Information provided section start

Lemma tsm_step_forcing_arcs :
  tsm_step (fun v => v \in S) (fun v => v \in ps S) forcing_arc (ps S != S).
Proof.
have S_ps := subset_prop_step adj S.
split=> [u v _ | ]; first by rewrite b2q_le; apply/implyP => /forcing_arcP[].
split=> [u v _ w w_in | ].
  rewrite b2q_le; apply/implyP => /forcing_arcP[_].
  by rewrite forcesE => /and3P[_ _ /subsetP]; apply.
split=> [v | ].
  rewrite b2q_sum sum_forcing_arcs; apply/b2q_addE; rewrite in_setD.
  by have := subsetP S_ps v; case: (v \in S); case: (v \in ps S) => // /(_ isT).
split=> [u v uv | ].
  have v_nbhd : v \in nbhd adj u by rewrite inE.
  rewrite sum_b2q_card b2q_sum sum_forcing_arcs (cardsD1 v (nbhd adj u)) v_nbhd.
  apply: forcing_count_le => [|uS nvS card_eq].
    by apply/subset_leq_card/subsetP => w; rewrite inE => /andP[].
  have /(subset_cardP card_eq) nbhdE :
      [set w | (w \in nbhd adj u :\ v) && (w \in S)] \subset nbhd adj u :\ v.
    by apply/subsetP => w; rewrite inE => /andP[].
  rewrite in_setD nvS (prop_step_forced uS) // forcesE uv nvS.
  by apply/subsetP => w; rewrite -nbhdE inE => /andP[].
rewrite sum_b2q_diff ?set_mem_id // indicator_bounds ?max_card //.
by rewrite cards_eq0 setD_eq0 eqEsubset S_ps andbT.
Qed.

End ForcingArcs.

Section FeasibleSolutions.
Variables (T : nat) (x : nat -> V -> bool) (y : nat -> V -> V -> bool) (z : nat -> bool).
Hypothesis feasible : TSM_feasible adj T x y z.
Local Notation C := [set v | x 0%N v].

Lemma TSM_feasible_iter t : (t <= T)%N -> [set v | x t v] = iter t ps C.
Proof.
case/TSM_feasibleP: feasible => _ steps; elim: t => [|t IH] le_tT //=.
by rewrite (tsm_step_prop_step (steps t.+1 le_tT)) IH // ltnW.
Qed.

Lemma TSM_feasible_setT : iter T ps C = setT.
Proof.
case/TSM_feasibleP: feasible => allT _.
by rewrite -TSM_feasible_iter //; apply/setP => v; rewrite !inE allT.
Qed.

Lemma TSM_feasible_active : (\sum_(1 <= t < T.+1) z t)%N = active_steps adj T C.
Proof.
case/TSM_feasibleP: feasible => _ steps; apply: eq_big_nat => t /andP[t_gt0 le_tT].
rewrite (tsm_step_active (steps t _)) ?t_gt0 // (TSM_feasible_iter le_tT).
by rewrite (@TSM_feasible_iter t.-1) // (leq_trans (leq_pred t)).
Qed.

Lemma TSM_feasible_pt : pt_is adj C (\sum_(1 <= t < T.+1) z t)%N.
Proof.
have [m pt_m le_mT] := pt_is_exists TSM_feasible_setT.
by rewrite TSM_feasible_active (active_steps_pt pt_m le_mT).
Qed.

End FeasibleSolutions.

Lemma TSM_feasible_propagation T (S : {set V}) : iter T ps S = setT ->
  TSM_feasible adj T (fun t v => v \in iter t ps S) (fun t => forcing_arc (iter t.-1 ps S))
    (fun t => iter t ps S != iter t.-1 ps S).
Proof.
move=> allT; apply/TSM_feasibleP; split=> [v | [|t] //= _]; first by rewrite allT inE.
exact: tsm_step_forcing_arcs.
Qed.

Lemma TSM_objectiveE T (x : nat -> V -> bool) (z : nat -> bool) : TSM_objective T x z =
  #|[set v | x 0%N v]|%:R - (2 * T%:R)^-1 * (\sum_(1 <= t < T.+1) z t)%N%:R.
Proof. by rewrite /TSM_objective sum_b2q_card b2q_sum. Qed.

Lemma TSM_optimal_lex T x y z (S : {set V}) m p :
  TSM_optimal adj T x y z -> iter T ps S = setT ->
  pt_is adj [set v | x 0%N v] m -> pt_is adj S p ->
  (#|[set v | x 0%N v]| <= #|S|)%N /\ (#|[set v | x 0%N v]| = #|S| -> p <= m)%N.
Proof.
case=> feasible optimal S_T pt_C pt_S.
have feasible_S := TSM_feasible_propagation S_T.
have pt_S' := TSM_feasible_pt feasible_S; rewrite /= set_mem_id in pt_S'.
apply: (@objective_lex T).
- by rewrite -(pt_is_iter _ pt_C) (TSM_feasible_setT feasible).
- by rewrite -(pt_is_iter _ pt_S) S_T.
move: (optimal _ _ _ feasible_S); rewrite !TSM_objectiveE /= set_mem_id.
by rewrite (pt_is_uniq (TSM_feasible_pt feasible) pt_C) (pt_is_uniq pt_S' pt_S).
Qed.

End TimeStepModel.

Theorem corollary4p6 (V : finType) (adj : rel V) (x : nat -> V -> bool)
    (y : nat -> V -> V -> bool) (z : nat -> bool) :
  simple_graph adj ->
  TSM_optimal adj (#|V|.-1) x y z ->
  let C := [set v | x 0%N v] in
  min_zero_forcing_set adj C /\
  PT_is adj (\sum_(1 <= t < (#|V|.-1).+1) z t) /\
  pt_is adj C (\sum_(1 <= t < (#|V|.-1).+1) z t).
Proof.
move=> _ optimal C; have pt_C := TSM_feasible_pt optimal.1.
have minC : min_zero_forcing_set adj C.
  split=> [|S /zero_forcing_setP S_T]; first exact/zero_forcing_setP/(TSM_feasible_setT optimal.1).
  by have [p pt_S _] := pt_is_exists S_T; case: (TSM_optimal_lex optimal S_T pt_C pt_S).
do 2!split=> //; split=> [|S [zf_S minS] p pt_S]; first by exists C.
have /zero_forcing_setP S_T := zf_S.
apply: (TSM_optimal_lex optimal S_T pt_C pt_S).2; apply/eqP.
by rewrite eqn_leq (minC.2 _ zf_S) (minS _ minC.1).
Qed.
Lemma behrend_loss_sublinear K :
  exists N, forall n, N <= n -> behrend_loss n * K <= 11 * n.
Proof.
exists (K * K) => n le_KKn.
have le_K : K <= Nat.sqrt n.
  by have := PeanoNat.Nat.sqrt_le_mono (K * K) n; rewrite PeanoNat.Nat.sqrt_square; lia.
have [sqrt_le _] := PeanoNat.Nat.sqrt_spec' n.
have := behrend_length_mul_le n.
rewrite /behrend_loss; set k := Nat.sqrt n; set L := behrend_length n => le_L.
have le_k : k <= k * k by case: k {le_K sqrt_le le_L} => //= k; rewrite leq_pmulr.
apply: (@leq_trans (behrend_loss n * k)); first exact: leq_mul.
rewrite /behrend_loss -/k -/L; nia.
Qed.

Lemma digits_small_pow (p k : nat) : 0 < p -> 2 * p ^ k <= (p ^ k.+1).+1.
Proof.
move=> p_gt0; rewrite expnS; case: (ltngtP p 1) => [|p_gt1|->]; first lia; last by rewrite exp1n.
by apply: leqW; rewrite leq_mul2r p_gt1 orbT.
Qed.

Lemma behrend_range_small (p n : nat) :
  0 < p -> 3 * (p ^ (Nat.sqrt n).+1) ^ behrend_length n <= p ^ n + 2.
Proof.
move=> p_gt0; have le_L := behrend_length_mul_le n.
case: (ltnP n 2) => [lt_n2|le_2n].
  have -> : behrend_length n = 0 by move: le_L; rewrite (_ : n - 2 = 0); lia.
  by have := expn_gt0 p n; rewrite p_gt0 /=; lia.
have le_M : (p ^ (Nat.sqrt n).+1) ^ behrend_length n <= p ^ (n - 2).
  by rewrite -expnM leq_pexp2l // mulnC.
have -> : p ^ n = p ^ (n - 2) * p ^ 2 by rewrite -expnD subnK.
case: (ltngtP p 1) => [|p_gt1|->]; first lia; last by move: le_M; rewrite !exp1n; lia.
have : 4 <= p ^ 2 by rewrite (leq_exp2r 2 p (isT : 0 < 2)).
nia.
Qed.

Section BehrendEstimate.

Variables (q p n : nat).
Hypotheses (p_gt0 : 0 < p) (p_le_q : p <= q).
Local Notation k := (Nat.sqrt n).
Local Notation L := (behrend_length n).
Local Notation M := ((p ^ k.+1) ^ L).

Information provided section end

## How to complete this task
Working through the records, copy each line in which the word "exact" appears.

## Answer box
exact: tsm_step_forcing_arcs.
  split=> [|S /zero_forcing_setP S_T]; first exact/zero_forcing_setP/(TSM_feasible_setT optimal.1).
apply: (@leq_trans (behrend_loss n * k)); first exact: leq_mul.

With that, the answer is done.